And the endless cycle of cleaning out people’s possessions as they transitioned from a large house to a small apartment and then just one room in an assisted living facility. Cars to be sold, papers to be sorted, phone calls to be made.

I have been cool, calm and collected when all I wanted to do was sink to the floor and howl until someone gave me a sedative.

If my life from ages 22 to now had been a job someone hired me to do, I would be a millionaire simply due to the sheer number of hours I have worked as well as the breadth of tasks I have performed and often mastered. No one schedules better than me. No one can calm and lead a group of people like me, with humor and just enough steel in my voice to make sure everyone keeps up.

Middle schoolers do not scare me. Neither do teenagers. Old people are my specialty because they are the only group that can be reliably reasoned with.

And yet, if I applied for a job today I would have no work experience beyond a few part time jobs I held here and there over the years.

You want an employee with emotional resilience, the ability to work without having to be supervised every second and that HR holy grail, executive function? Which in reality is the ability to look around, see what needs doing, make a plan to get it done and then actually follow through on it.

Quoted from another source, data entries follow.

Lemma prod_XsubC_dvdp (R : fieldType) (r : seq R) (q : {poly R}) :
  (forall y, ('X - y%:P) ^+ count_mem y r %| q) -> \prod_(x <- r) ('X - x%:P) %| q.
Proof.
elim: r q => [|x s IH] q H; first by rewrite big_nil dvd1p.
have Hx := H x; rewrite /= eqxx add1n exprS in Hx.
have hx : ('X - x%:P) %| q by apply: dvdp_trans Hx; apply: dvdp_mulIl.
rewrite -(divpK hx) big_cons mulrC; apply: dvdp_mul; last exact: dvdpp.
apply: IH => y; case: (y =P x) => [->|/eqP hyx].
  by rewrite -(@dvdp_mul2r _ ('X - x%:P)) ?polyXsubC_eq0 // divpK // -exprSr exprS.
have := H y; rewrite /= eq_sym (negbTE hyx) add0n -{1}(divpK hx) Gauss_dvdpl //.
by apply: coprimep_expl; rewrite coprimep_XsubC rootE !hornerE subr_eq0 eq_sym.
Qed.

Lemma prod_XsubC_dvdp_eq (R : fieldType) (r : seq R) (q : {poly R}) :
  \prod_(x <- r) ('X - x%:P) %| q -> size q = (size r).+1 ->
  q = lead_coef q *: \prod_(x <- r) ('X - x%:P).
Proof.
move=> hd hs; have := dvdp_size_eqp hd; rewrite size_prod_XsubC hs eqxx eqp_sym.
by move=> /esym /eqpfP ->; rewrite lead_coefZ (monicP (monic_prod_XsubC _ _ _)) !mulr1 divr1.
Qed.

Lemma dformula_sub_X_deriv (R : comNzRingType) (alpha : nat -> R) k :
  let P := shifted_prod (fun i => (alpha i)%:P) 'X k in
  dformula alpha k = P - 'X * P^`().
Proof.
have esum_deriv j : shifted_esum (fun i => (alpha i)%:P) 'X j =
                    - (shifted_prod (fun i => (alpha i)%:P) 'X j)^`().
  elim: j => [|j IH]; first by rewrite shifted_esum0 shifted_prod0 derivC oppr0.
  by rewrite shifted_esumS shifted_prodS derivM IH derivB derivC derivX; ring.
by rewrite /= dformula_dform /dform esum_deriv mulrN.
Qed.

Lemma CsubX_exp_mul_sub_X_deriv (R : comNzRingType) (v w : R) (G : {poly R}) n m :
  let A := v%:P - 'X in let B := w%:P - 'X in
  let Q := A ^+ n.+1 * B ^+ m.+1 * G in
  Q - 'X * Q^`() = A ^+ n * B ^+ m *
    (A * B * G + 'X * (n.+1%:R * B * G + m.+1%:R * A * G - A * B * G^`())).
Proof.
move=> A B Q; have dA : A^`() = -1 by rewrite derivB derivC derivX sub0r.
have dB : B^`() = -1 by rewrite derivB derivC derivX sub0r.
rewrite /Q !derivM !deriv_exp dA dB !succnK -(mulr_natr _ n.+1) -(mulr_natr _ m.+1) !exprS.
clearbody A B; move: (A ^+ n) (B ^+ m) (G^`()) 'X n.+1%:R m.+1%:R => An Bm G' X N M.
ring.
Qed.

(* The cofactor H has the signs of v (n+1) (w - v) G(v) and w (m+1) (v - w) G(w) at the
   two ends, so it vanishes in between. *)
Lemma CsubX_exp_mul_sub_X_deriv_root (R : rcfType) (v w : R) (G : {poly R}) n m :
  0 < v -> v < w -> 0 < G.[v] * G.[w] ->
  let Q := (v%:P - 'X) ^+ n.+1 * (w%:P - 'X) ^+ m.+1 * G in
  exists2 x, (x \in `]v, w[) & root (Q - 'X * Q^`()) x.
Proof.
move=> v_gt0 vw G_pos Q; rewrite /Q CsubX_exp_mul_sub_X_deriv.
set H := (_ + _ * _).
have Hv : H.[v] = v * n.+1%:R * (w - v) * G.[v].
  by rewrite /H -!polyC_natr !hornerE; ring.
have Hw : H.[w] = w * m.+1%:R * (v - w) * G.[w].
  by rewrite /H -!polyC_natr !hornerE; ring.
have H_sign : H.[v] * H.[w] < 0.
  have n_pos : 0 < (n.+1%:R : R) by rewrite ltr0n.
  have m_pos : 0 < (m.+1%:R : R) by rewrite ltr0n.
  rewrite Hv Hw; set g := G.[v] * G.[w] in G_pos.
  have -> : v * n.+1%:R * (w - v) * G.[v] * (w * m.+1%:R * (v - w) * G.[w]) =
            - (v * w * (n.+1%:R * m.+1%:R) * ((w - v) * (w - v)) * g) by rewrite /g; ring.
  rewrite oppr_lt0; apply: (mulr_gt0 _ G_pos); rewrite !mulr_gt0 // ?subr_gt0 //; lra.
have [x hx rx] := poly_ivtoo (ltW vw) H_sign.
by exists x => //; rewrite rootM rx orbT.
Qed.

Lemma repeats_dvd_dformula (R : idomainType) (alpha : nat -> R) k y : (1 <= k)%N ->
  ('X - y%:P) ^+ count (fun j => (alpha j == alpha j.+1) && (alpha j == y)) (iota 1 k.-1)
  %| dformula alpha k.
Proof.
move=> hk; rewrite /dformula; apply: dvdp_add.
  apply: dvdp_trans (dvdp_exp2l _ _) (XsubC_exp_dvd_prod alpha _ predT y).
  apply: leq_trans (@count_repeats_le _ alpha y k 1 _) _; first by rewrite hk.
  by apply: sub_count => l /andP [_ ->].
apply: dvdp_mull; rewrite big_seq; apply: (big_ind (fun q => _ %| q)) => [|q1 q2|m].
- exact: dvdp0.
- exact: dvdp_add.
rewrite mem_index_iota ltnS => hm.
exact: dvdp_trans (dvdp_exp2l _ (count_repeats_le alpha y hm)) (XsubC_exp_dvd_prod _ _ _ _).
Qed.

(** * Location of the roots *)

Lemma dform2 (R : comNzRingType) (a : nat -> R) c : dform a c 2 = a 1%N * a 2%N - c ^+ 2.
Proof. by rewrite !dformS dform0 shifted_prodS shifted_prod0; ring. Qed.

Lemma dformula_neq0 (R : numDomainType) (alpha : nat -> R) k : (2 <= k)%N ->
  dformula alpha k != 0.
Proof. by move=> hk; rewrite -size_poly_eq0 size_dformula. Qed.

Lemma head_roots (R : rcfType) (q : {poly R}) a b x0 :
  q != 0 -> (exists2 x, (x \in `]a, b[) & root q x) ->
  (head x0 (roots q a b) \in `]a, b[) /\ root q (head x0 (roots q a b)).
Proof.
move=> q0 [x hx rx]; have := root_in_roots q0 hx rx.
have hin := @roots_in _ q a b; have hroot := @root_roots _ q a b.
by case: (roots q a b) hin hroot => // y s hin hroot _; rewrite /= hin ?hroot ?mem_head.
Qed.

Section RootLocation.
Variables (R : rcfType) (alpha : nat -> R).

(* [gap_root k j] is the least root of [d_k] in ]alpha_j, alpha_(j+1)[, or alpha_j itself
   when that interval is empty; [neg_root k] is the least root of [d_k] in ]-1, 0[. *)
Definition neg_root k := head 0 (roots (dformula alpha k) (-1) 0).
Definition gap_root k j := head (alpha j) (roots (dformula alpha k) (alpha j) (alpha j.+1)).
Definition root_seq k := neg_root k :: [seq gap_root k j | j <- iota 1 k.-1].

Lemma gap_root_flat k j : alpha j.+1 <= alpha j -> gap_root k j = alpha j.
Proof. by move=> hle; rewrite /gap_root rootsEba. Qed.

Lemma size_root_seq k : (1 <= k)%N -> size (root_seq k) = k.
Proof. by move=> hk; rewrite /= size_map size_iota prednK. Qed.

Lemma nth_root_seq k j : (1 <= j < k)%N -> nth 0 (root_seq k) j = gap_root k j.
Proof. by case: j => // j /andP [_ hj] /=; rewrite (nth_map 0%N) ?size_iota ?nth_iota //; lia. Qed.

Lemma mem_root_seqP k x : x \in root_seq k ->
  x = neg_root k \/ exists2 j, (1 <= j < k)%N & x = gap_root k j.
Proof.
rewrite in_cons => /orP [/eqP ->|/mapP [j hj ->]]; [left | right] => //.
by exists j => //; move: hj; rewrite mem_iota; lia.
Qed.

Variable p : nat.
Hypothesis alpha1_gt0 : 0 < alpha 1%N.
Hypothesis alpha_step : forall i, (1 <= i < p)%N -> alpha i <= alpha i.+1.
Hypothesis alphap_lt1 : alpha p < 1.

Lemma alpha_le i j : (1 <= i)%N -> (i <= j <= p)%N -> alpha i <= alpha j.
Proof.
move=> hi /andP [hij hjp]; elim: j hij hjp => [|j IH] hij hjp; first by case: i hi hij.
have [->|hne] := eqVneq i j.+1; first exact: lexx.
by apply: le_trans (IH _ _) (alpha_step _); lia.
Qed.

Lemma alpha_gt0 i : (1 <= i <= p)%N -> 0 < alpha i.
Proof. by move=> hi; apply: lt_le_trans alpha1_gt0 (alpha_le _ _). Qed.

Lemma alpha_lt1 i : (1 <= i <= p)%N -> alpha i < 1.
Proof. by case/andP=> hi hip; apply: le_lt_trans alphap_lt1; rewrite alpha_le ?hip ?leqnn. Qed.

Lemma shifted_prod_gt0 x k : (k <= p)%N -> x < alpha 1%N -> 0 < shifted_prod alpha x k.
Proof.
move=> hkp hx; rewrite /shifted_prod big_seq; apply: prodr_gt0 => m.
rewrite mem_index_iota subr_gt0 => hm; apply: lt_le_trans hx (alpha_le _ _) => //; lia.
Qed.

Lemma dform0_gt0 k : (k <= p)%N -> 0 < dform alpha 0 k.
Proof. by move=> hkp; rewrite /dform mul0r addr0 shifted_prod_gt0. Qed.

Lemma dform_alpha1_ge0 k : (1 <= k <= p)%N -> 0 <= dform alpha (alpha 1%N) k.
Proof.
elim: k => [//|[|k] IH] hk.
  by rewrite dformS dform0 shifted_prod0 subrr mul0r add0r mulr1 ltW.
rewrite dformS /shifted_prod big_ltn // subrr mul0r mulr0 addr0.
by rewrite mulr_ge0 ?subr_ge0 ?alpha_le ?IH //; lia.
Qed.

(* d_k(-1) = P(-1) - S(-1) where each factor alpha_l + 1 of P(-1) lies in (1, 2); hence
   P(-1) < 2 Q_m for each of the k products Q_m summing to S(-1), and k P(-1) < 2 S(-1). *)
Lemma dformN1_lt0 k : (2 <= k <= p)%N -> dform alpha (-1) k < 0.
Proof.
case/andP=> hk2 hkp.
set P := shifted_prod alpha (-1) k.
have P_lt m : (1 <= m < k.+1)%N ->
    P < 2 * \prod_(1 <= l < k.+1 | l != m) (alpha l - -1).
  move=> hm; have [am0 am1] : 0 < alpha m /\ alpha m < 1.
    by split; [apply: alpha_gt0 | apply: alpha_lt1]; lia.
  have Q_gt0 : 0 < \prod_(1 <= l < k.+1 | l != m) (alpha l - -1).
    rewrite big_seq_cond; apply: prodr_gt0 => l /andP [].
    rewrite mem_index_iota => hl _; have : 0 < alpha l by apply: alpha_gt0; lia.
    by move=> ?; lra.
  rewrite /P /shifted_prod (bigD1_seq m) ?mem_index_iota ?iota_uniq //=.
  by set Q := \prod_(_ <- _ | _) _ in Q_gt0 *; nra.
have sum_lt : P *+ k < 2 * shifted_esum alpha (-1) k.
  have := ltr_sum_nat _ P_lt; rewrite ltnS (ltnW hk2) => /(_ isT).
  by rewrite sumr_const_nat subn1 /= -mulr_sumr.
have P_gt0 : 0 < P by apply: shifted_prod_gt0 hkp _; move: alpha1_gt0; lra.
have : P * 2 <= P * k%:R by apply: ler_wpM2l; [exact: ltW | rewrite (ler_nat R 2 k)].
by rewrite /dform -/P; move: sum_lt; rewrite -mulr_natr; lra.
Qed.

Lemma gap_root_exists k j : (1 <= j)%N -> (j < k <= p)%N -> alpha j < alpha j.+1 ->
  exists2 x, (x \in `]alpha j, alpha j.+1[) & root (dformula alpha k) x.
Proof.
move=> hj1 /andP [hjk hkp] hvw.
set v := alpha j in hvw *; set w := alpha j.+1 in hvw *.
set s := index_iota 1 k.+1.
have EP := prod_CsubX_split alpha s predT v.
rewrite (prod_CsubX_split alpha s (fun l => true && (alpha l != v)) w) in EP.
set n := count _ s in EP; set m := count _ s in EP.
set G := \prod_(l <- s | _ && (alpha l != w)) _ in EP.
have n_gt0 : (0 < n)%N.
  rewrite -has_count; apply/hasP; exists j; rewrite ?mem_index_iota /= ?eqxx //; lia.
have m_gt0 : (0 < m)%N.
  rewrite -has_count; apply/hasP; exists j.+1; last by rewrite /= eqxx andbT gt_eqF.
  by rewrite mem_index_iota; lia.
(* the remaining alpha_l lie outside [v, w] *)
have G_pos : 0 < G.[v] * G.[w].
  rewrite /G !horner_prod -big_split /= big_seq_cond; apply: prodr_gt0 => l.
  rewrite mem_index_iota /= -!andbA => /and4P [hl0 hlk hlv hlw]; rewrite !hornerE.
  case: (leqP l j) => hlj.
    have : alpha l < v by rewrite lt_neqAle hlv alpha_le //; lia.
    by move=> hlt; nra.
  have : w < alpha l by rewrite lt_neqAle eq_sym hlw alpha_le //; lia.
  by move=> hlt; nra.
have v_gt0 : 0 < v by apply: alpha_gt0; lia.
have [x hx rx] := CsubX_exp_mul_sub_X_deriv_root n.-1 m.-1 v_gt0 hvw G_pos.
exists x => //; rewrite dformula_sub_X_deriv /=.
suff -> : shifted_prod (fun i => (alpha i)%:P) 'X k =
          (v%:P - 'X) ^+ n.-1.+1 * (w%:P - 'X) ^+ m.-1.+1 * G by [].
by rewrite !prednK // -mulrA; exact: EP.
Qed.

Lemma neg_rootP k : (2 <= k <= p)%N ->
  neg_root k < 0 /\ root (dformula alpha k) (neg_root k).
Proof.
case/andP=> hk2 hkp.
have sign : (dformula alpha k).[-1] * (dformula alpha k).[0] < 0.
  by rewrite !horner_dformula pmulr_llt0 ?dform0_gt0 ?dformN1_lt0 ?hk2.
have [] := @head_roots _ _ (-1) 0 0 (dformula_neq0 alpha hk2).
  by have [x] := poly_ivtoo (lerN10 R) sign; exists x.
by rewrite in_itv /= => /andP [_ ->].
Qed.

Lemma gap_root_strict k j : (1 <= j)%N -> (j < k <= p)%N -> alpha j < alpha j.+1 ->
  alpha j < gap_root k j < alpha j.+1 /\ root (dformula alpha k) (gap_root k j).
Proof.
move=> hj hjk hlt; have k_ge2 : (2 <= k)%N by case/andP: hjk => ? _; lia.
have [] := head_roots (alpha j) (dformula_neq0 alpha k_ge2) (gap_root_exists hj hjk hlt).
by rewrite in_itv.
Qed.

Lemma gap_root_bounds k j : (1 <= j)%N -> (j < k <= p)%N ->
  alpha j <= gap_root k j <= alpha j.+1.
Proof.
move=> hj hjk; case: (ltP (alpha j) (alpha j.+1)) => hvw.
  by have [/andP [h1 h2] _] := gap_root_strict hj hjk hvw; rewrite !ltW.
by rewrite gap_root_flat // lexx alpha_step //; lia.
Qed.

Lemma gap_root_gt0 k j : (1 <= j)%N -> (j < k <= p)%N -> 0 < gap_root k j.
Proof.
move=> hj hjk; have /andP [h _] := gap_root_bounds hj hjk.
by apply: lt_le_trans h; apply: alpha_gt0; lia.
Qed.

Lemma root_seq_sorted k : (2 <= k <= p)%N -> sorted <=%R (root_seq k).
Proof.
move=> hk; have [hk2 hkp] := andP hk.
apply/(sortedP 0) => i; rewrite size_root_seq ?(ltnW hk2) // => hi.
case: i hi => [|i] hi.
  rewrite (nth_root_seq (j := 1)) ?hk2 //=; apply: ltW.
  by apply: lt_trans (proj1 (neg_rootP hk)) (gap_root_gt0 _ _); rewrite ?hk2.
rewrite !nth_root_seq; try lia.
have /andP [_ h1] : alpha i.+1 <= gap_root k i.+1 <= alpha i.+2.
  by apply: gap_root_bounds; lia.
have /andP [h2 _] : alpha i.+2 <= gap_root k i.+2 <= alpha i.+3.
  by apply: gap_root_bounds; lia.
exact: le_trans h1 h2.
Qed.

Lemma count_root_seq_alpha k m : (2 <= k <= p)%N -> (1 <= m <= k)%N ->
  (count_mem (alpha m) (root_seq k) <=
   count (fun j => (alpha j == alpha j.+1) && (alpha j == alpha m)) (iota 1 k.-1))%N.
Proof.
move=> hk hm; have [hk2 hkp] := andP hk.
have neg_lt : neg_root k < alpha m.
  by apply: lt_trans (proj1 (neg_rootP hk)) (alpha_gt0 _); lia.
rewrite /= (lt_eqF neg_lt) add0n count_map.
apply: sub_in_count => j; rewrite mem_iota => hj /eqP /= hjm.
have hj1 : (1 <= j)%N by lia.
have hjk : (j < k <= p)%N by rewrite hkp andbT; lia.
case: (ltP (alpha j) (alpha j.+1)) => hvw.
  have [/andP [h1 h2] _] := gap_root_strict hj1 hjk hvw; rewrite hjm in h1 h2.
  case: (leqP m j) => hmj; first by move: h1; rewrite ltNge alpha_le //; lia.
  by move: h2; rewrite ltNge alpha_le //; lia.
have flat : alpha j = alpha j.+1 by apply/le_anti; rewrite hvw alpha_step //; lia.
by rewrite -flat eqxx -hjm gap_root_flat // eqxx.
Qed.

Section NonAlphaValue.
Variables (k : nat) (y : R).
Hypothesis hk : (2 <= k <= p)%N.
Hypothesis y_nonalpha : forall l, (1 <= l <= k)%N -> alpha l != y.

Lemma gap_root_nonalpha j : (1 <= j < k)%N -> gap_root k j = y ->
  alpha j < y < alpha j.+1 /\ root (dformula alpha k) y.
Proof.
move=> hj hjy; have [hk2 hkp] := andP hk.
have hjk : (j < k <= p)%N by rewrite hkp andbT; lia.
case: (ltP (alpha j) (alpha j.+1)) => hvw; first by rewrite -hjy; apply: gap_root_strict => //; lia.
have := y_nonalpha (l := j); rewrite -hjy gap_root_flat // eqxx => /(_ _)/negP[]; lia.
Qed.

Lemma root_seq_nonalpha_root : y \in root_seq k -> root (dformula alpha k) y.
Proof.
rewrite in_cons => /orP [/eqP ->|/mapP [j]]; first exact: (proj2 (neg_rootP hk)).
by rewrite mem_iota => hj /esym /(gap_root_nonalpha _) []; lia.
Qed.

If you want all that, hire a homemaker. But you can’t because you have no way of translating all their skills into a form you can understand.

How to quantify the hours, days, months, years and decades of work homemakers perform? There is no salary to prove their work had value. No titles and business cards and LinkedIn pages to tout their climb up the ladder.

Why?

Americans love to say that the people who stay home and tend the home fires are doing good, important work. And yet there is no way to translate the skills learned and endlessly performed into a paying job outside the home.

Why can’t we translate all our good work into a paying job when the kids grow up or the marriage ends or the elderly parent we were taking care of passes away?

If we are so valuable, why are we so financially vulnerable?